Как уже было сказано, сравнение Рембрандт — Достоевский возникает из-под пера видных французских критиков и литераторов начала XX века: хотя это не входит в наши задачи, можно отметить, что творчество русского романиста наложило отпечаток на собственные литературные начинания этих авторов[549]
, в силу чего это сравнение получило более широкое распространение и беспрепятственно вошло во французский канон. Более того, некоторые критики полагают, что оно исключительно французского происхождения: Ж. Ассин, например, подчеркивает, что ни Т. Манн, ни В. Вулф, хотя оба много писали о Достоевском в духе европейского модернизма, не прибегали к нему[550], что свидетельствует о том, что Великобритания и Германия остались в стороне от этого интеллектуального движения.

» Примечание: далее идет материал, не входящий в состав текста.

Lemma pow_le_reg x y k : 0 <= x -> 0 <= y -> (1 <= k)%nat -> x ^ k <= y ^ k -> x <= y.
Proof.
intros hx hy hk hxy. destruct (Rle_lt_dec x y) as [h|h]; [exact h|exfalso].
assert (hstrict : forall j, y ^ S j < x ^ S j).
{ induction j as [|j IH]; [simpl; lra|].
  change (y * y ^ S j < x * x ^ S j).
  assert (0 <= y ^ S j) by (apply pow_le; lra). nra. }
destruct k as [|j]; [lia|]. specialize (hstrict j). lra.
Qed.

Lemma divisors_count_le_root k N y : (1 <= k)%nat -> (0 < N)%nat -> 0 <= y ->
  INR N <= y ^ k -> INR (length (prime.divisors N)) <= INR ((k ^ k) ^ (2 ^ k)) * y.
Proof.
intros hk hN hy hNy.
set (Bk := INR ((k ^ k) ^ (2 ^ k))).
assert (hBk : 1 <= Bk) by (apply (le_INR 1), pow_ge1, pow_ge1; lia).
assert (hdiv : INR (length (prime.divisors N)) ^ k <= Bk * INR N).
{ unfold Bk. rewrite <- pow_INR, <- mult_INR. apply le_INR.
  exact (DivisorBound.divisors_count_le k N ltac:(lia) hN). }
apply (pow_le_reg _ _ k); [apply pos_INR|nra|exact hk|].
rewrite Rpow_mult_distr. eapply Rle_trans; [exact hdiv|].
apply Rmult_le_compat; [lra|apply pos_INR| |exact hNy].
rewrite <- (pow_1 Bk) at 1. apply Rle_pow; [lra|exact hk].
Qed.

Lemma exp_pow_nat x k : exp x ^ k = exp (INR k * x).
Proof.
induction k as [|k IH]; simpl; [rewrite Rmult_0_l, exp_0; reflexivity|].
rewrite IH, <- exp_plus. f_equal. destruct k; simpl; ring.
Qed.

Lemma pow3_pred_le_exp P M t : (P <= M)%nat -> INR M * ln 3 <= t -> INR (3 ^ P - 1) <= exp t.
Proof.
intros hPM ht.
apply Rle_trans with (INR (3 ^ M)).
- apply le_INR. pose proof (Nat.pow_le_mono_r 3 P M ltac:(lia) hPM). lia.
- rewrite INR_pow3, <- (exp_ln 3), exp_pow_nat by lra.
  destruct (Rle_lt_or_eq_dec _ _ ht) as [h|h]; [left; apply exp_increasing, h|rewrite h; lra].
Qed.

(* Polynomial growth is dominated by exponential growth:
   x^2 <= (4 / delta^2) exp(x delta), from z/2 <= exp(z/2). *)
Lemma sq_le_exp x delta : 0 <= x -> 0 < delta -> x ^ 2 <= 4 / delta ^ 2 * exp (x * delta).
Proof.
intros hx hdelta. set (z := x * delta).
assert (hz : 0 <= z) by (unfold z; nra).
assert (hhalf : z / 2 <= exp (z / 2)).
{ destruct (Req_dec z 0) as [e|e].
  - rewrite e. replace (0 / 2) with 0 by field. rewrite exp_0; lra.
  - pose proof (exp_ineq1 (z / 2) ltac:(lra)). lra. }
assert (hz2 : z ^ 2 <= 4 * exp z).
{ replace z with (z / 2 + z / 2) at 2 by field. rewrite exp_plus.
  assert (0 <= z / 2) by lra. nra. }
replace (x ^ 2) with (z ^ 2 * / delta ^ 2) by (unfold z; field; lra).
replace (4 / delta ^ 2 * exp z) with (4 * exp z * / delta ^ 2) by (field; lra).
apply Rmult_le_compat_r; [|exact hz2]. apply Rlt_le, Rinv_0_lt_compat, pow_lt; lra.
Qed.

(* If Kn log 3 <= k delta, every 3^P - 1 with P <= Kn n is at most exp(n delta)^k,
   so it has at most (k^k)^(2^k) exp(n delta) divisors; this bounds the candidates. *)
Lemma length_cand_denoms_le_exp Kn k delta n : (1 <= k)%nat ->
  INR Kn * ln 3 <= INR k * delta ->
  INR (length (cand_denoms Kn n)) <=
  INR n * (INR (Kn * n) * (INR ((k ^ k) ^ (2 ^ k)) * exp (INR n * delta))).
Proof.
intros hk hKk. apply length_cand_denoms. intros P hP.
apply divisors_count_le_root; [exact hk| |apply Rlt_le, exp_pos|].
- pose proof (Nat.pow_le_mono_r 3 1 P ltac:(lia) ltac:(lia)). simpl in *. lia.
- rewrite exp_pow_nat. apply (pow3_pred_le_exp P (Kn * n)); [lia|].
  rewrite mult_INR. pose proof (pos_INR n). nra.
Qed.
(* [2 Z sqrt p - Z^2 q <= p / q] is [(sqrt p - Z q)^2 >= 0] divided by [q]. *)
Lemma retry_term_bound pt qt Z : 0 <= pt -> 0 <= qt -> 0 < Z -> (0 < pt -> 0 < qt) ->
  let f := if Rltb 0 pt then pt / qt else 0 in
  2 * Z * sqrt pt - Z * Z * qt <= f /\ (2 * Z * sqrt pt - Z * Z * qt = f -> qt = sqrt pt / Z).
Proof.
  intros Hp Hq HZ Hsupp f. unfold f.
  destruct (Rltb_spec 0 pt) as [Hpt|Hpt].
  - specialize (Hsupp Hpt). pose proof (sqrt_sqrt pt Hp) as Hu.
    set (u := sqrt pt) in *.
    assert (Hf : pt / qt * qt = pt) by (field; lra).
    split.
    + apply (Rmult_le_reg_r qt); [lra|]. rewrite Hf.
      pose proof (Rle_0_sqr (u - Z * qt)). unfold Rsqr in *. nra.
    + intros He. assert (Hsq : (u - Z * qt) * (u - Z * qt) = 0).
      { assert (He' : (2 * Z * u - Z * Z * qt) * qt = pt) by (rewrite He; exact Hf). nra. }
      assert (Hu' : u = Z * qt) by (destruct (Rmult_integral _ _ Hsq); lra).
      rewrite Hu'. field. lra.
  - assert (pt = 0) by lra. subst pt. rewrite sqrt_0. split; [nra|].
    intros He. rewrite Rdiv_0_l. assert (HZq : Z * (Z * qt) = 0) by lra.
    destruct (Rmult_integral _ _ HZq) as [h|h]; [lra|].
    destruct (Rmult_integral _ _ h); lra.
Qed.

Section CauchySchwarz.
Context {X : Type} (l : list X) (p q : X -> R).
Hypothesis p_ge0 : forall x, In x l -> 0 <= p x.
Let Z := sumR l (fun x => sqrt (p x)).
Hypothesis Z_gt0 : 0 < Z.

Lemma retry_cost_ge (q_ge0 : forall x, In x l -> 0 <= q x) (q_mass : sumR l q = 1) :
  ele (EFin (Z * Z)) (retry_cost l p q) /\
  (ele (retry_cost l p q) (EFin (Z * Z)) -> forall x, In x l -> q x = sqrt (p x) / Z).
Proof.
  unfold retry_cost. destruct existsb eqn:Hsupp; [split; [exact I | intros []]|].
  rewrite existsb_false_iff in Hsupp.
  destruct (sumR_le_with_eq l (fun x => 2 * Z * sqrt (p x) - Z * Z * q x)
    (fun x => if Rltb 0 (p x) then p x / q x else 0) (fun x => q x = sqrt (p x) / Z))
    as [Hle Heq].
  { intros x Hx. apply retry_term_bound; auto. intros Hpx.
    specialize (Hsupp x Hx). destruct (Rltb_spec 0 (p x)); [|lra].
    now destruct (Rltb_spec 0 (q x)). }
  replace (sumR l (fun x => 2 * Z * sqrt (p x) - Z * Z * q x)) with (Z * Z) in Hle, Heq
    by (rewrite sumR_minus, !sumR_scal, q_mass; fold Z; ring).
  simpl. split; assumption.
Qed.

Lemma retry_cost_opt : (forall x, In x l -> q x = sqrt (p x) / Z) ->
  retry_cost l p q = EFin (Z * Z).
Proof.
  intros Hq. unfold retry_cost. rewrite (proj2 (existsb_false_iff _ _)).
  - f_equal. transitivity (sumR l (fun x => Z * sqrt (p x))); [|now rewrite sumR_scal].
    apply sumR_ext_in. intros x Hx.
    rewrite Hq by assumption. pose proof (sqrt_sqrt (p x) (p_ge0 x Hx)).
    destruct (Rltb_spec 0 (p x)) as [Hpx|Hpx].
    + pose proof (sqrt_lt_R0 _ Hpx). rewrite <- H at 1. field. lra.
    + replace (p x) with 0 by (pose proof (p_ge0 x Hx); lra). rewrite sqrt_0. ring.
  - intros x Hx. destruct (Rltb_spec 0 (p x)) as [Hpx|]; [|reflexivity].
    rewrite Hq by assumption. destruct (Rltb_spec 0 (sqrt (p x) / Z)) as [|Hn]; [reflexivity|].
    exfalso. apply Hn. apply Rdiv_lt_0_compat; [apply sqrt_lt_R0|]; assumption.
Qed.

End CauchySchwarz.

Section Trajectories.
Context {St Ac : Type}.
Implicit Types (f : nat -> St -> Ac -> R) (tau rest : traj St Ac) (pi : policy St Ac).

Fixpoint prod_steps f (t : nat) tau : R :=
  match tau with
  | [] => 1
  | (s, a) :: tau' => f t s a * prod_steps f (S t) tau'
  end.

Fixpoint Forall_steps (Q : nat -> St -> Ac -> Prop) (t : nat) tau : Prop :=
  match tau with
  | [] => True
  | (s, a) :: tau' => Q t s a /\ Forall_steps Q (S t) tau'
  end.

Lemma Forall_steps_window (Q : nat -> St -> Ac -> Prop) t tau :
  (forall k s a, (t <= k < t + length tau)%nat -> Q k s a) -> Forall_steps Q t tau.
Proof.
  revert t. induction tau as [|[s a] tau IH]; intros t H; simpl; [exact I|].
  split; [apply H | apply IH; intros; apply H]; simpl; lia.
Qed.

Lemma prod_steps_nonneg f t tau :
  Forall_steps (fun k s a => 0 <= f k s a) t tau -> 0 <= prod_steps f t tau.
Proof.
  revert t. induction tau as [|[s a] tau IH]; intros t H; simpl; [lra|].
  destruct H. apply Rmult_le_pos; auto.
Qed.

Lemma prod_steps_pos_inv f t tau :
  Forall_steps (fun k s a => 0 <= f k s a) t tau -> 0 < prod_steps f t tau ->
  Forall_steps (fun k s a => 0 < f k s a) t tau.
Proof.
  revert t. induction tau as [|[s a] tau IH]; intros t H Hpos; simpl; [exact I|].
  destruct H as [Hf Hrest]. simpl in Hpos. pose proof (prod_steps_nonneg f _ _ Hrest).
  split; [|apply IH; auto]; nra.
Qed.

Lemma prod_steps_pos f t tau :
  Forall_steps (fun k s a => 0 < f k s a) t tau -> 0 < prod_steps f t tau.
Proof.
  revert t. induction tau as [|[s a] tau IH]; intros t H; simpl; [lra|].
  destruct H. apply Rmult_lt_0_compat; auto.
Qed.

Lemma ln_prod_steps f t tau :
  Forall_steps (fun k s a => 0 < f k s a) t tau ->
  ln (prod_steps f t tau) = sum_steps (fun k s a => ln (f k s a)) t tau.
Proof.
  revert t. induction tau as [|[s a] tau IH]; intros t H; simpl; [apply ln_1|].
  destruct H as [Hf Hrest].
  rewrite ln_mult, IH by (try apply prod_steps_pos; assumption). reflexivity.
Qed.

Definition log_reward pi : reward St Ac :=
  fun t s a => if Rltb 0 (pi t s a) then Some (ln (pi t s a)) else None.

Lemma reward_sum_log_reward_pos pi t tau :
  Forall_steps (fun k s a => 0 < pi k s a) t tau ->
  reward_sum (log_reward pi) t tau = Some (sum_steps (fun k s a => ln (pi k s a)) t tau).
Proof.
  revert t. induction tau as [|[s a] tau IH]; intros t H; simpl; [reflexivity|].
  destruct H as [Hpi Hrest]. rewrite IH by assumption. unfold log_reward.
  destruct (Rltb_spec 0 (pi t s a)); [reflexivity | contradiction].
Qed.

Lemma reward_sum_log_reward_zero pi t tau :
  prod_steps pi t tau = 0 -> reward_sum (log_reward pi) t tau = None.
Proof.
  revert t. induction tau as [|[s a] tau IH]; intros t H; simpl in *; [lra|].
  unfold log_reward at 1. destruct (Rmult_integral _ _ H) as [Hz|Hz].
  - rewrite Hz. destruct (Rltb_spec 0 0); [lra | reflexivity].
  - rewrite IH by assumption. now destruct Rltb.
Qed.

End Trajectories.

Lemma all_seqs_length {X} (l : list X) n x : In x (all_seqs l n) -> length x = n.
Proof.
  revert x; induction n as [|n IH]; simpl; intros x H.
  - destruct H as [<-|[]]; reflexivity.
  - apply in_flat_map in H as [y [_ H]]. apply in_map_iff in H as [x' [<- H]].
    simpl. f_equal. auto.
Qed.

Section MDP.
Context {St Ac : Type} (eS : list St) (eA : list Ac) (T : nat)
  (p1 : St -> R) (P : St -> Ac -> St -> R).
Hypothesis p1_ge0 : forall s, 0 <= p1 s.
Hypothesis p1_mass : sumR eS p1 = 1.
Hypothesis P_ge0 : forall s a s', 0 <= P s a s'.
Hypothesis P_mass : forall s a, sumR eS (P s a) = 1.
Implicit Types (tau rest : traj St Ac) (pi : policy St Ac).

Fixpoint trans_prod (s : St) (a : Ac) rest : R :=
  match rest with
  | [] => 1
  | (s', a') :: rest' => P s a s' * trans_prod s' a' rest'
  end.

Definition traj_weight tau : R :=
  match tau with
  | [] => 1
  | (s, a) :: rest => p1 s * trans_prod s a rest
  end.

Lemma traj_prob_from_factor pi t s a rest :
  traj_prob_from P pi t s a rest = prod_steps pi t ((s, a) :: rest) * trans_prod s a rest.
Proof.
  revert t s a. induction rest as [|[s' a'] rest IH]; intros t s a; simpl; [ring|].
  rewrite IH. simpl. ring.
Qed.

Lemma traj_prob_factor pi tau :
  traj_prob p1 P pi tau = traj_weight tau * prod_steps pi 1 tau.
Proof.
  destruct tau as [|[s a] rest]; simpl; [ring|].
  rewrite traj_prob_from_factor. simpl. ring.
Qed.

Lemma traj_weight_nonneg tau : 0 <= traj_weight tau.
Proof.
  assert (Htrans : forall s a rest, 0 <= trans_prod s a rest).
  { intros s a rest. revert s a. induction rest as [|[s' a'] rest IH]; intros s a; simpl;
      [lra | apply Rmult_le_pos; auto]. }
  destruct tau as [|[s a] rest]; simpl; [lra | apply Rmult_le_pos; auto].
Qed.

Lemma policy_steps_nonneg pi tau : is_policy eS eA T pi -> In tau (all_trajs eS eA T) ->
  Forall_steps (fun k s a => 0 <= pi k s a) 1 tau.
Proof.
  intros Hpi Htau. apply Forall_steps_window. intros k s a Hk.
  rewrite (all_seqs_length _ _ _ Htau) in Hk. apply Hpi. lia.
Qed.

Lemma traj_prob_nonneg pi tau : is_policy eS eA T pi -> In tau (all_trajs eS eA T) ->
  0 <= traj_prob p1 P pi tau.
Proof.
  intros Hpi Htau. rewrite traj_prob_factor.
  apply Rmult_le_pos; [apply traj_weight_nonneg |].
  now apply prod_steps_nonneg, policy_steps_nonneg.
Qed.

Lemma traj_prob_from_mass pi n t s a :
  (forall k s, (t < k <= t + n)%nat -> sumR eA (pi k s) = 1) ->
  sumR (all_seqs (list_prod eS eA) n) (traj_prob_from P pi t s a) = pi t s a.
Proof.
  revert t s a. induction n as [|n IH]; intros t s a Hpi; simpl; [ring|].
  rewrite sumR_flat_map, sumR_list_prod.
  transitivity (pi t s a * sumR eS (P s a)); [|rewrite P_mass; ring].
  rewrite <- sumR_scal. apply sumR_ext_in. intros s' _.
  rewrite <- (Rmult_1_r (P s a s')), <- (Hpi (S t) s') by lia.
  rewrite <- !sumR_scal. apply sumR_ext_in. intros a' _.
  rewrite sumR_map. simpl. rewrite !sumR_scal, IH by (intros; apply Hpi; lia). ring.
Qed.

Lemma traj_prob_mass pi : (1 <= T)%nat -> is_policy eS eA T pi ->
  sumR (all_trajs eS eA T) (traj_prob p1 P pi) = 1.
Proof.
  intros HT Hpi. unfold all_trajs. rewrite <- (Nat.succ_pred_pos T) by lia. simpl.
  rewrite sumR_flat_map, sumR_list_prod, <- p1_mass. apply sumR_ext_in. intros s _.
  rewrite <- (Rmult_1_r (p1 s)), <- (proj2 (Hpi 1%nat ltac:(lia) s)), <- sumR_scal.
  apply sumR_ext_in. intros a _. rewrite sumR_map. simpl.
  rewrite sumR_scal, traj_prob_from_mass by (intros; apply Hpi; lia). ring.
Qed.


Lemma traj_prob_pos_inv pi tau : is_policy eS eA T pi -> In tau (all_trajs eS eA T) ->
  0 < traj_prob p1 P pi tau ->
  0 < traj_weight tau /\ Forall_steps (fun k s a => 0 < pi k s a) 1 tau.
Proof.
  intros Hpi Htau Hpos. rewrite traj_prob_factor in Hpos.
  pose proof (traj_weight_nonneg tau).
  pose proof (policy_steps_nonneg pi tau Hpi Htau) as Hnn.
  pose proof (prod_steps_nonneg _ _ _ Hnn).
  split; [nra | apply prod_steps_pos_inv; [assumption | nra]].
Qed.

(* The dynamics factor [traj_weight] is common to both trajectory probabilities, so it
   cancels from the log-likelihood ratio. *)
Lemma log_reward_on_traj pi pic tau :
  is_policy eS eA T pi -> is_policy eS eA T pic -> In tau (all_trajs eS eA T) ->
  0 < traj_prob p1 P pi tau ->
  if Rltb 0 (traj_prob p1 P pic tau) then
    reward_sum (log_reward pic) 1 tau =
      Some (sum_steps (fun k s a => ln (pic k s a)) 1 tau) /\
    sum_steps (fun k s a => ln (pic k s a)) 1 tau
      - sum_steps (fun k s a => ln (pi k s a)) 1 tau =
    ln (traj_prob p1 P pic tau) - ln (traj_prob p1 P pi tau)
  else reward_sum (log_reward pic) 1 tau = None.
Proof.
  intros Hpi Hpic Htau Hpos.
  destruct (traj_prob_pos_inv pi tau Hpi Htau Hpos) as [Hw Hsteps].
  destruct (Rltb_spec 0 (traj_prob p1 P pic tau)) as [Hposc|Hzero].
  - destruct (traj_prob_pos_inv pic tau Hpic Htau Hposc) as [_ Hstepsc].
    split; [now apply reward_sum_log_reward_pos|].
    rewrite !traj_prob_factor, !ln_mult, <- !ln_prod_steps
      by (try apply prod_steps_pos; assumption).
    ring.
  - apply reward_sum_log_reward_zero.
    pose proof (traj_prob_nonneg pic tau Hpic Htau) as Hnn. rewrite traj_prob_factor in *.
    assert (Hprod : traj_weight tau * prod_steps pic 1 tau = 0) by lra.
    destruct (Rmult_integral _ _ Hprod); [lra | assumption].
Qed.

Lemma J_obj_log_reward pi pic :
  is_policy eS eA T pi -> is_policy eS eA T pic ->
  J_obj eS eA T p1 P pi (log_reward pic) =
  neg_kl (all_trajs eS eA T) (traj_prob p1 P pi) (traj_prob p1 P pic).
Proof.
  intros Hpi Hpic. unfold J_obj, neg_kl.
  set (L := all_trajs eS eA T).
  rewrite (existsb_ext_in _ (fun tau => Rltb 0 (traj_prob p1 P pi tau)
             && negb (Rltb 0 (traj_prob p1 P pic tau))) L).
  2:{ intros tau Htau. destruct (Rltb_spec 0 (traj_prob p1 P pi tau)) as [Hpos|];
      [|reflexivity].
      pose proof (log_reward_on_traj pi pic tau Hpi Hpic Htau Hpos) as H.
      destruct Rltb; simpl; [destruct H as [-> _] | rewrite H]; reflexivity. }
  destruct existsb eqn:Hsupp; [reflexivity|]. rewrite existsb_false_iff in Hsupp.
  f_equal. apply sumR_ext_in. intros tau Htau. specialize (Hsupp tau Htau).
  destruct (Rltb_spec 0 (traj_prob p1 P pi tau)) as [Hpos|]; [|reflexivity].
  pose proof (log_reward_on_traj pi pic tau Hpi Hpic Htau Hpos) as H.
  destruct Rltb; [|discriminate]. destruct H as [-> Hratio]. now rewrite Hratio.
Qed.

End MDP.

Section Optimality.
Context {St Ac : Type} (eS : list St) (eA : list Ac) (T : nat)
  (p1 : St -> R) (P : St -> Ac -> St -> R).
Hypothesis T_ge1 : (1 <= T)%nat.
Hypothesis p1_ge0 : forall s, 0 <= p1 s.
Hypothesis p1_mass : sumR eS p1 = 1.
Hypothesis P_ge0 : forall s a s', 0 <= P s a s'.
Hypothesis P_mass : forall s a, sumR eS (P s a) = 1.
Variable pic : policy St Ac.
Hypothesis pic_policy : is_policy eS eA T pic.

Definition same_traj_dist (pi : policy St Ac) : Prop :=
  is_policy eS eA T pi /\
  forall tau, In tau (all_trajs eS eA T) -> traj_prob p1 P pi tau = traj_prob p1 P pic tau.

Lemma argmax_J_log_reward_iff pi :
  argmax_J eS eA T p1 P (log_reward pic) pi <-> same_traj_dist pi.
Proof.
  assert (Hbound : forall pi', is_policy eS eA T pi' -> _) by
    (intros pi' Hpi'; exact (neg_kl_le0 (all_trajs eS eA T) _ _
       (fun tau => traj_prob_nonneg eS eA T p1 P p1_ge0 P_ge0 pi' tau Hpi')
       (fun tau => traj_prob_nonneg eS eA T p1 P p1_ge0 P_ge0 pic tau pic_policy)
       (eq_trans (traj_prob_mass eS eA T p1 P p1_mass P_mass pi' T_ge1 Hpi')
          (eq_sym (traj_prob_mass eS eA T p1 P p1_mass P_mass pic T_ge1 pic_policy))))).
  split.
  - intros [Hpi Hmax]. split; [assumption|].
    specialize (Hmax pic pic_policy).
    rewrite !J_obj_log_reward, neg_kl_self in Hmax by assumption.
    now apply (Hbound pi Hpi).
  - intros [Hpi Hsame]. split; [assumption|]. intros pi' Hpi'.
    rewrite !J_obj_log_reward, (neg_kl_ext _ _ _ _ Hsame), neg_kl_self by assumption.
    apply (Hbound pi' Hpi').
Qed.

Единственное исключение составляет С. Цвейг, который в книге «Три мастера: Бальзак, Диккенс, Достоевский» (1920) воспроизводит не только знаменитое сравнение, но и саму аргументацию французских писателей, которая сводится к тому, что искусство светотени Рембрандта и Достоевского обеспечивало доступ к «глубинной психологии»:Итак, преднамеренно, а не случайно всякий образ у Достоевского обрисовывается сперва в неясных, как бы призрачных очертаниях. В его романы вступаешь, как в темную комнату. Виднеются лишь контуры, слышатся неясные голоса, и сразу не определишь, кому они принадлежат. Лишь постепенно привыкает, обостряется зрение; и тогда, будто с картины Рембрандта, из глубокого сумрака струятся тонкие духовные флюиды. Лишь охваченные страстью, выступают из мрака люди. У Достоевского человек должен воспламениться, чтобы стать видимым, его нервы должны быть натянуты до предела, чтобы зазвучать[551]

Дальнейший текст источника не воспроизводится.